## Task statement
Report, from the records below, every line where the word "probability" appears.

──────

Lemma agree_off_restr_inj x y : agree_off x y -> restr qs x = restr qs y -> x = y.
Proof.
move=> /agree_offP H E; apply/ffunP => q; case: (boolP (q \in qs)) => h; last by rewrite H.
by have := congr1 (fun f : regT => f (exist _ q h)) E; rewrite !ffunE.
Qed.

Lemma liftopE (A : opq) i j : liftop A i j =
  if agree_off (enum_val i) (enum_val j)
  then A (enum_rank (restr qs (enum_val i))) (enum_rank (restr qs (enum_val j))) else 0.
Proof. by rewrite mxE. Qed.

Lemma liftopB (A B : opq) : liftop (A - B) = liftop A - liftop B.
Proof. by apply/matrixP => i j; rewrite !mxE /=; case: ifP => _; rewrite ?subr0 ?mxE. Qed.

Lemma liftop1 : liftop (1%:M : opq) = 1%:M.
Proof.
apply/matrixP => i j; rewrite liftopE !mxE (inj_eq enum_rank_inj).
case: ifP => [xy|nxy]; last by case: eqP nxy => // ->; rewrite agree_offxx.
by congr (_ : bool)%:R; apply/eqP/eqP => [/(agree_off_restr_inj xy)/enum_val_inj|->].
Qed.

Lemma liftopM (A B : opq) : liftop (A *m B) = liftop A *m liftop B.
Proof.
apply/matrixP => i j; rewrite liftopE !mxE.
set x := enum_val i; set y := enum_val j.
pose F z := (if agree_off x z then A (enum_rank (restr qs x)) (enum_rank (restr qs z)) else 0) *
            (if agree_off z y then B (enum_rank (restr qs z)) (enum_rank (restr qs y)) else 0).
rewrite (eq_bigr (fun k => F (enum_val k))); last by move=> k _; rewrite !liftopE.
rewrite -(big_enum_val F) /F.
case: ifP => Hxy; last first.
  apply/esym/big1 => z _; case: ifP => H1; case: ifP => H2; rewrite ?mul0r ?mulr0 //.
  by rewrite (agree_off_trans H1 H2) in Hxy.
rewrite (bigID (agree_off x)) /= [X in _ + X]big1 ?addr0; last by move=> z /negbTE ->; rewrite mul0r.
(* the terms indexed by labels agreeing with [x] off [qs] are exactly the [glue x r] *)
rewrite (reindex_onto (glue x) (restr qs)); last by move=> z Hz; rewrite glue_restr.
pose G r := A (enum_rank (restr qs x)) (enum_rank r) * B (enum_rank r) (enum_rank (restr qs y)).
rewrite (eq_bigr (fun k => G (enum_val k))); last by move=> k _; rewrite /G enum_valK.
rewrite -big_enum_val /=; apply: eq_big => r; first by rewrite agree_off_glue restr_glue eqxx.
move=> _; rewrite agree_off_glue restr_glue (agree_off_trans _ Hxy) //.
by rewrite agree_offC agree_off_glue.
Qed.

Lemma liftop_adj (A : opq) : adjmx (liftop A) = liftop (adjmx A).
Proof.
apply/matrixP => i j; rewrite /adjmx [in RHS]liftopE !mxE /=.
rewrite -/(agree_off (enum_val j) (enum_val i)) agree_offC.
by case: ifP => _; rewrite ?mxE ?conjc0.
Qed.

End LiftOperator.

Section PositiveOperators.
Variables (R : realType) (n : nat).
Local Notation C := (R[i]).
Implicit Types A B : 'M[C]_n.

Lemma psd0 : psd (0 : 'M[C]_n).
Proof. by move=> v; rewrite mulmx0 mul0mx mxE. Qed.

Lemma psdD A B : psd A -> psd B -> psd (A + B).
Proof. by move=> HA HB v; rewrite mulmxDr mulmxDl mxE addr_ge0. Qed.

Lemma psdZ (c : R) A : 0 <= c -> psd A -> psd (rc c *: A).
Proof. by move=> c0 HA v; rewrite -scalemxAr -scalemxAl mxE mulr_ge0 // ler0c. Qed.

Lemma eq_lowner A B : A = B -> lowner A B.
Proof. by move=> ->; rewrite /lowner subrr; apply: psd0. Qed.

Lemma adjmxM m p (A : 'M[C]_(m, n)) (B : 'M[C]_(n, p)) :
  adjmx (A *m B) = adjmx B *m adjmx A.
Proof. by rewrite /adjmx map_mxM trmx_mul. Qed.

Lemma adjmx1 : adjmx (1%:M : 'M[C]_n) = 1%:M.
Proof. by apply/matrixP => i j; rewrite /adjmx !mxE conjc_nat eq_sym. Qed.

Lemma adjmxB A B : adjmx (A - B) = adjmx A - adjmx B.
Proof. by apply/matrixP => i j; rewrite /adjmx !mxE rmorphB. Qed.

Lemma adjmx_mul_ge0 (w : 'cV[C]_n) : 0 <= (adjmx w *m w) 0 0.
Proof.
rewrite mxE sumr_ge0 // => k _; rewrite /adjmx !mxE mulrC.
exact: mulcJ_ge0.
Qed.

Lemma orth_proj_psd A : is_orth_proj A -> psd A.
Proof.
move=> [Ha Hi] v.
by rewrite -Hi -{1}Ha mulmxA -adjmxM -mulmxA; apply: adjmx_mul_ge0.
Qed.

Lemma orth_projC A : is_orth_proj A -> is_orth_proj (1%:M - A).
Proof.
move=> [Ha Hi]; split; first by rewrite adjmxB adjmx1 Ha.
by rewrite mulmxBl mul1mx mulmxBr mulmx1 Hi subrr subr0.
Qed.

Lemma orth_proj_sqrt A : is_orth_proj A -> psd_sqrt_of A A.
Proof. by move=> PA; split; [apply: orth_proj_psd | apply: PA.2]. Qed.

Lemma orth_proj_lowner1 A : is_orth_proj A -> lowner A 1%:M.
Proof. by move=> PA; apply/orth_proj_psd/orth_projC. Qed.

End PositiveOperators.

Lemma orth_proj_measurement (R : realType) (qv : finType) (dim : qv -> nat)
    (qs : {set qv}) (A : opq R dim qs) : is_orth_proj A ->
  is_measurement (fun w : 'I_2 => if w == ord0 then 1%:M - A else A).
Proof.
move=> PA; split; last by rewrite big_ord_recl big_ord1 /= subrK.
by move=> w; case: (w == ord0); apply: orth_proj_psd => //; apply: orth_projC.
Qed.


Lemma rcB (R : realType) (a b : R) : rc (a - b) = rc a - rc b.
Proof. by rewrite /rc rmorphB. Qed.
Lemma rcD (R : realType) (a b : R) : rc (a + b) = rc a + rc b.
Proof. by rewrite /rc rmorphD. Qed.
Lemma rcM (R : realType) (a b : R) : rc (a * b) = rc a * rc b.
Proof. by rewrite /rc rmorphM. Qed.
Lemma rc1 (R : realType) : rc (1 : R) = 1.
Proof. by rewrite /rc rmorph1. Qed.
Lemma rc0 (R : realType) : rc (0 : R) = 0.
Proof. by rewrite /rc rmorph0. Qed.

Lemma Re_rcM (R : realType) (c : R) (z : R[i]) : complex.Re (rc c * z) = c * complex.Re z.
Proof. by case: z => a b; rewrite /rc /= mul0r subr0. Qed.
Lemma Im_rcM (R : realType) (c : R) (z : R[i]) : complex.Im (rc c * z) = c * complex.Im z.
Proof. by case: z => a b; rewrite /rc /= mul0r addr0. Qed.

Section Boosting.
Variables (R : realType) (eps : R).
Hypothesis eps01 : 0 < eps < 1.

(* The probability that at least one of [n] independent trials of success
   probability [eps] succeeds. *)
Definition boost_coef (n : nat) : R := 1 - (1 - eps) ^+ n.

Lemma boost_coef0 : boost_coef 0 = 0.
Proof. by rewrite /boost_coef expr0 subrr. Qed.

Lemma boost_coefS n : boost_coef n.+1 = (1 - boost_coef n) * eps + boost_coef n.
Proof. by rewrite /boost_coef exprS; ring. Qed.

Lemma boost_coef_ge0_le1 n : 0 <= boost_coef n <= 1.
Proof.
have [e0 e1] := andP eps01.
have a0 : 0 <= 1 - eps by rewrite subr_ge0 ltW.
have a1 : 1 - eps <= 1 by rewrite lerBlDr lerDl ltW.
by rewrite /boost_coef subr_ge0 exprn_ile1 //= lerBlDr lerDl exprn_ge0.
Qed.

Lemma boost_coef_le_succ n : boost_coef n <= boost_coef n.+1.
Proof.
have /andP[c0 c1] := boost_coef_ge0_le1 n.
by rewrite boost_coefS lerDr mulr_ge0 ?subr_ge0 // ltW; case/andP: eps01.
Qed.

Lemma cvg_boost_coefM (x : R) : (fun n => boost_coef n * x) @ \oo --> x.
Proof.
have [e0 e1] := andP eps01.
rewrite -[X in _ --> X]mul1r; apply: cvgMr_tmp.
rewrite -[X in _ --> X]subr0; apply: cvgB; first exact: cvg_cst.
by apply: cvg_expr; rewrite ger0_norm ?subr_ge0 ?ltW // ltrBlDr ltrDl.
Qed.

End Boosting.

Lemma boost_count (R : realType) (p eps : R) : 0 < p < 1 -> 0 < eps < p ->
  let N := absz (Num.ceil (ln (1 - p) / ln (1 - eps))) in
  (0 < N)%N /\ p <= boost_coef eps N.
Proof.
move=> /andP[p0 p1] /andP[e0 ep] N.
have a0 : 0 < 1 - eps by rewrite subr_gt0 (lt_trans ep p1).
have b0 : 0 < 1 - p by rewrite subr_gt0.
have la : ln (1 - eps) < 0 by rewrite ln_lt0 // a0 ltrBlDr ltrDl.
have lb : ln (1 - p) < 0 by rewrite ln_lt0 // b0 ltrBlDr ltrDl.
set r := ln (1 - p) / ln (1 - eps).
have r0 : 0 < r by rewrite /r nmulr_rgt0 // invr_lt0.
have cr : 0 < Num.ceil r by rewrite Num.Theory.ceil_gt0.
have NE : (N%:R : R) = (Num.ceil r)%:~R by rewrite -[X in _ = X%:~R]gez0_abs ?ltW.
split; first by rewrite /N absz_gt0 gt_eqF.
have NR : r <= N%:R by rewrite NE Num.Theory.ceil_ge.
rewrite /boost_coef lerBrDl -lerBrDr -ler_ln ?posrE ?exprn_gt0 // lnXn // -mulr_natr.
have -> : ln (1 - p) = r * ln (1 - eps) by rewrite /r mulfVK // ltr0_neq0.
nra.
Qed.

Section Holes.
Variables (R : realType) (qv : finType) (dim : qv -> nat).
Local Notation op := (op R dim).
Local Notation prog := (prog R dim).

Definition hole_of (L : Type) (Pf Qf : L -> op) : op -> op -> Prop :=
  fun P Q => exists l, Pf l = P /\ Qf l = Q.

Lemma hole_ofP (L : Type) (Pf Qf : L -> op) : hole_is (hole_of Pf Qf) Pf Qf.
Proof. by []. Qed.

Lemma hole_of_ext (L : Type) (Pf Qf Pf' Qf' : L -> op) :
  Pf =1 Pf' -> Qf =1 Qf' -> hole_is (hole_of Pf' Qf') Pf Qf.
Proof. by move=> eP eQ P Q; split; case=> l [<- <-]; exists l; rewrite eP eQ. Qed.

Lemma refine_tot_star1 (S S' : prog) : refine_tot S S' -> refine_tot_star S S'.
Proof. by move=> H; apply: rts_step H (rts_refl _). Qed.

Lemma refine_tot_star_repeat N (S S' : prog) :
  refine_tot_star S S' -> refine_tot_star (Repeat N S) (Repeat N S').
Proof. by elim=> [T|S1 S2 S3 H _ IH]; [apply: rts_refl | apply: rts_step (C_repeat N H) IH]. Qed.

End Holes.

Section BoostRefinement.
Variables (R : realType) (qv : finType) (dim : qv -> nat) (qs : {set qv}).
Variable Q : opq R dim qs.
Hypothesis HQ : is_orth_proj Q.
Local Notation op := (op R dim).
Local Notation QL := (liftop Q).
Local Notation PL := (liftop (1%:M - Q)).

Lemma PL_compl : PL = 1%:M - QL.
Proof. by rewrite liftopB liftop1. Qed.

Lemma liftop_compl_compl : liftop (1%:M - (1%:M - Q)) = QL.
Proof. by rewrite opprB addrC subrK. Qed.

Lemma QL_orth_proj : is_orth_proj QL.
Proof. by case: HQ => adjQ idemQ; split; rewrite ?liftop_adj -?liftopM ?adjQ ?idemQ. Qed.

Lemma PL_orth_proj : is_orth_proj PL.
Proof. by rewrite PL_compl; apply/orth_projC/QL_orth_proj. Qed.

Lemma mulQL_PL : QL *m PL = 0.
Proof. by rewrite PL_compl mulmxBr mulmx1 QL_orth_proj.2 subrr. Qed.

Definition boost_pred (c : R) : op := QL + rc c *: PL.

Lemma boost_pred0 : boost_pred 0 = QL.
Proof. by rewrite /boost_pred rc0 scale0r addr0. Qed.

Lemma boost_pred1 : boost_pred 1 = 1%:M.
Proof. by rewrite /boost_pred rc1 scale1r PL_compl addrC subrK. Qed.

Lemma subr1_boost_pred c : 1%:M - boost_pred c = rc (1 - c) *: PL.
Proof. by rewrite -{1}boost_pred1 /boost_pred opprD addrACA subrr add0r -scalerBl rcB. Qed.

Lemma psd_boost_pred c : 0 <= c -> psd (boost_pred c).
Proof.
by move=> c0; apply: psdD; [apply/orth_proj_psd/QL_orth_proj | apply/psdZ/orth_proj_psd/PL_orth_proj].
Qed.

Lemma is_pred_boost_pred c : 0 <= c <= 1 -> is_pred (boost_pred c).
Proof.
move=> /andP[c0 c1]; split; rewrite /lowner ?subr0 ?subr1_boost_pred; first exact: psd_boost_pred.
by apply/psdZ/orth_proj_psd/PL_orth_proj; rewrite subr_ge0.
Qed.

Lemma is_pred_scalePL c : 0 <= c <= 1 -> is_pred (rc c *: PL).
Proof.
move=> /andP[c0 c1]; split; rewrite /lowner ?subr0; first exact/psdZ/orth_proj_psd/PL_orth_proj.
have -> : 1%:M - rc c *: PL = boost_pred (1 - c).
  by rewrite -{1}boost_pred1 /boost_pred -addrA -scalerBl -rcB.
by apply: psd_boost_pred; rewrite subr_ge0.
Qed.
(* Let $P$ be a complex polynomial of degree $m\ge1$ and let $B\in C^\infty(\mathbb{R},\mathbb{C})$ be constant outside a compact set and such that $\operatorname{Range}(B)\cap P(\{z\in\mathbb{C}:P'(z)=0\})=\emptyset$. Then there exists $g\in C^\infty(\mathbb{R},\mathbb{C})$ with $P\circ g=B$. *)

From Stdlib Require Import Reals.
From Coquelicot Require Import Coquelicot.
Open Scope R_scope.

Definition poly_eval (a : nat -> C) (m : nat) (z : C) : C :=
  sum_n (fun k => (a k * Cpow z k)%C) m.

Definition poly_deriv_coef (a : nat -> C) : nat -> C :=
  fun k => (RtoC (INR (S k)) * a (S k))%C.

Definition smooth_RC (f : R -> C) : Prop :=
  exists D : nat -> R -> C,
    D 0%nat = f /\ forall (n : nat) (x : R), is_derive (D n) x (D (S n) x).

Definition const_outside_compact (f : R -> C) : Prop :=
  exists (c : C) (M : R), forall x : R, M < Rabs x -> f x = c.

(* Since B avoids the critical values of P, the compactness of the range of B and the
   properness of P give one radius r > 0 such that, on the r-disc around any point z0 of the
   fibre of P over the range of B, the divided difference Q(u, v) = (P u - P v) / (u - v) stays
   within a third of P'(z0).  On such a disc P is injective and, by a contraction argument,
   onto a neighbourhood of P z0.  Cut R into cells shorter than the modulus of uniform
   continuity of B; starting left of the support of B, choose preimages of B at the grid
   points, each close to the previous one, and lift B on each cell through the local inverse
   of P near the cell's node.  Points of neighbouring cells are lifted into a common disc, so
   the lift g is continuous, and P (g y) - P (g x) = (g y - g x) Q (g y, g x) gives
   g' = B' / P'(g).  Hence every derivative of g is a polynomial in g, 1 / P'(g) and the
   derivatives of B, and g is smooth. *)

From Stdlib Require Import Reals Lra Lia ZArith Classical ClassicalEpsilon.
From Coquelicot Require Import Coquelicot.
From mathcomp Require all_boot all_algebra Rstruct complex.
Open Scope R_scope.
Set Bullet Behavior "Strict Subproofs".

(** * Complex polynomials *)

(* The fundamental theorem of algebra, transported from mathcomp's [R[i]]. *)
Module ComplexClosed.
Import all_boot all_algebra Rstruct complex.

Definition to_C (u : R[i]) : C := (complex.Re u, complex.Im u).

Lemma to_C_add u v : to_C (u + v)%R = Cplus (to_C u) (to_C v).
Proof. by case: u => a b; case: v. Qed.

Lemma to_C_mul u v : to_C (u * v)%R = Cmult (to_C u) (to_C v).
Proof. by case: u => a b; case: v. Qed.

Lemma to_C_exp u n : to_C (u ^+ n)%R = Cpow (to_C u) n.
Proof. by elim: n => [|n IH] //; rewrite GRing.exprS to_C_mul IH. Qed.

Lemma to_C_sum n (F : nat -> R[i]) :
  to_C (\sum_(i < n.+1) F i)%R = sum_n (fun i => to_C (F i)) n.
Proof.
elim: n => [|n IH]; first by rewrite big_ord1 sum_O.
by rewrite big_ord_recr sum_Sn -IH to_C_add.
Qed.

Lemma C_acf (p : nat -> C) n :
  exists z : C, Cpow z n.+1 = sum_n (fun i => Cmult (p i) (Cpow z i)) n.
Proof.
have [x Hx] := @complex_acf_axiom R n.+1 (fun i => Complex (p i).1 (p i).2) erefl.
exists (to_C x); rewrite -to_C_exp Hx.
rewrite (to_C_sum n (fun i => (Complex (p i).1 (p i).2 * x ^+ i)%R)).
by apply: sum_n_ext => i; rewrite to_C_mul to_C_exp; case: (p i).
Qed.

End ComplexClosed.

Fixpoint pow_ddiff (k : nat) (u v : C) : C :=
  match k with O => 0%C | S k => (Cpow u k + v * pow_ddiff k u v)%C end.

Definition poly_ddiff (a : nat -> C) (m : nat) (u v : C) : C :=
  sum_n (fun k => a k * pow_ddiff k u v)%C m.

Lemma Cpow_sub k u v : (Cpow u k - Cpow v k = (u - v) * pow_ddiff k u v)%C.
Proof.
  induction k as [|k IH]; simpl; [ring|].
  replace (u * Cpow u k - v * Cpow v k)%C
    with (Cpow u k * (u - v) + v * (Cpow u k - Cpow v k))%C by ring.
  rewrite IH; ring.
Qed.

Lemma poly_eval_sub a m u v :
  (poly_eval a m u - poly_eval a m v = (u - v) * poly_ddiff a m u v)%C.
Proof.
  unfold poly_eval, poly_ddiff; induction m as [|m IH].
  - rewrite !sum_O; simpl; ring.
  - rewrite !sum_Sn; change plus with Cplus.
    transitivity ((sum_n (fun k => a k * Cpow u k) m - sum_n (fun k => a k * Cpow v k) m)
      + a (S m) * (Cpow u (S m) - Cpow v (S m)))%C; [ring|].
    rewrite IH, Cpow_sub; ring.
Qed.

Lemma pow_ddiff_diag k z : pow_ddiff (S k) z z = (INR (S k) * Cpow z k)%C.
Proof.
  induction k as [|k IH]; [simpl; ring|].
  change (pow_ddiff (S (S k)) z z) with (Cpow z (S k) + z * pow_ddiff (S k) z z)%C.
  rewrite IH, (S_INR (S k)), RtoC_plus; simpl; ring.
Qed.

Lemma poly_ddiff_diag a m z :
  poly_ddiff a (S m) z z = poly_eval (poly_deriv_coef a) m z.
Proof.
  unfold poly_ddiff, poly_eval, poly_deriv_coef.
  induction m as [|m IH].
  - rewrite sum_Sn, !sum_O, pow_ddiff_diag; simpl; change plus with Cplus; ring.
  - rewrite sum_Sn, IH, (sum_Sn _ m), pow_ddiff_diag; change plus with Cplus; ring.
Qed.

Lemma poly_eval_root (b : nat -> C) m : b (S m) <> 0%C -> exists z, poly_eval b (S m) z = 0%C.
Proof.
  intros Hb.
  destruct (ComplexClosed.C_acf (fun i => - b i / b (S m))%C m) as [z Hz].
  exists z; unfold poly_eval; rewrite sum_Sn, Hz.
  change (plus (sum_n (fun k => b k * Cpow z k)%C m)
    (mult (b (S m)) (sum_n (fun i => - b i / b (S m) * Cpow z i)%C m)) = zero).
  rewrite <- (sum_n_mult_l (K := C_Ring)), <- sum_n_plus, <- (sum_n_m_const_zero 0 m).
  apply sum_n_ext; intros i; change (b i * Cpow z i + b (S m) * (- b i / b (S m) * Cpow z i) = 0)%C.
  field; exact Hb.
Qed.

Lemma poly_eval_surj (a : nat -> C) m w : a (S m) <> 0%C -> exists z, poly_eval a (S m) z = w.
Proof.
  intros Ha.
  set (b := fun i => match i with O => (a O - w)%C | S _ => a i end).
  destruct (poly_eval_root b m Ha) as [z Hz].
  exists z; apply Ceq_minus; rewrite <- Hz; clear Hz.
  unfold poly_eval; generalize (S m); intros n.
  induction n as [|n IH]; rewrite ?sum_O, ?sum_Sn, <- ?IH; simpl; change plus with Cplus; ring.
Qed.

──────

## Written answer
(* The probability that at least one of [n] independent trials of success
   probability [eps] succeeds. *)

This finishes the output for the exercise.